Lemma cbin_succ j t : cbin (S j) t * (INR t + INR j + 1) = cbin j t * (INR t - INR j).
Proof. pose proof (pos_INR t); pose proof (pos_INR j). simpl; field; lra. Qed.

Lemma cbin0_pos t : 0 < cbin 0 t.
Proof.
  induction t as [|t IH]; simpl; [lra|].
  pose proof (pos_INR t). apply Rmult_lt_0_compat; [exact IH|].
  apply Rdiv_lt_0_compat; lra.
Qed.

Lemma cbin_gt j t : (t < j)%nat -> cbin j t = 0.
Proof.
  induction 1 as [|j Hj IH]; simpl.
  - rewrite Rminus_diag; unfold Rdiv; ring.
  - rewrite IH; unfold Rdiv; ring.
Qed.

Lemma cbin_nonneg j t : 0 <= cbin j t.
Proof.
  destruct (Nat.le_gt_cases j t) as [Hj|Hj]; [|rewrite cbin_gt by lia; lra].
  induction j as [|j IH]; [apply Rlt_le, cbin0_pos|].
  assert (INR j < INR t) by (apply lt_INR; lia). pose proof (pos_INR j).
  simpl. apply Rmult_le_pos; [apply Rmult_le_pos; [apply IH; lia|lra]|].
  apply Rlt_le, Rinv_0_lt_compat; lra.
Qed.

Lemma cbin_le0 j t : cbin j t <= cbin 0 t.
Proof.
  induction j as [|j IH]; [lra|].
  pose proof (cbin_succ j t); pose proof (cbin_nonneg j t); pose proof (cbin_nonneg (S j) t).
  pose proof (pos_INR t); pose proof (pos_INR j). nra.
Qed.

Lemma cbin_lower j t : (1 <= t)%nat -> cbin 0 t * (1 - INR j ^ 2 / INR t) <= cbin j t.
Proof.
  intros Ht. assert (HT : 1 <= INR t) by (apply (le_INR 1); lia).
  pose proof (cbin0_pos t) as Hb.
  induction j as [|j IH]; [simpl; unfold Rdiv; lra|].
  pose proof (cbin_succ j t) as Hs; pose proof (cbin_nonneg (S j) t).
  pose proof (pos_INR j). rewrite S_INR.
  set (J := INR j) in *; set (T := INR t) in *.
  destruct (Rle_lt_dec T ((J + 1) ^ 2)) as [Hl|Hl].
  - assert (0 <= ((J + 1) ^ 2 - T) / T) by (apply Rle_mult_inv_pos; lra).
    assert ((J + 1) ^ 2 / T - 1 = ((J + 1) ^ 2 - T) / T) by (field; lra).
    nra.
  - apply (Rmult_le_reg_r (T * (T + J + 1))); [nra|].
    replace (cbin 0 t * (1 - (J + 1) ^ 2 / T) * (T * (T + J + 1)))
      with (cbin 0 t * (T - (J + 1) ^ 2) * (T + J + 1)) by (field; lra).
    replace (cbin (S j) t * (T * (T + J + 1))) with (T * (cbin j t * (T - J))) by (rewrite <- Hs; ring).
    assert (cbin 0 t * (T - J ^ 2) <= T * cbin j t)
      by (replace (cbin 0 t * (T - J ^ 2)) with (T * (cbin 0 t * (1 - J ^ 2 / T))) by (field; lra); nra).
    assert (HJ : 0 < T - J) by nra.
    assert (cbin 0 t * (T - J ^ 2) * (T - J) <= T * cbin j t * (T - J)) by (apply Rmult_le_compat_r; lra).
    assert (0 <= cbin 0 t * (J ^ 3 + (J + 1) ^ 3)) by (apply Rmult_le_pos; nra).
    nra.
Qed.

+ + + + +

▶ [What you will do]
In the material above, find each line containing the word "induction" and copy it.

▶ [Solved exercise]
  induction t as [|t IH]; simpl; [lra|].
  induction 1 as [|j Hj IH]; simpl.
  induction j as [|j IH]; [apply Rlt_le, cbin0_pos|].
  induction j as [|j IH]; [lra|].
  induction j as [|j IH]; [simpl; unfold Rdiv; lra|].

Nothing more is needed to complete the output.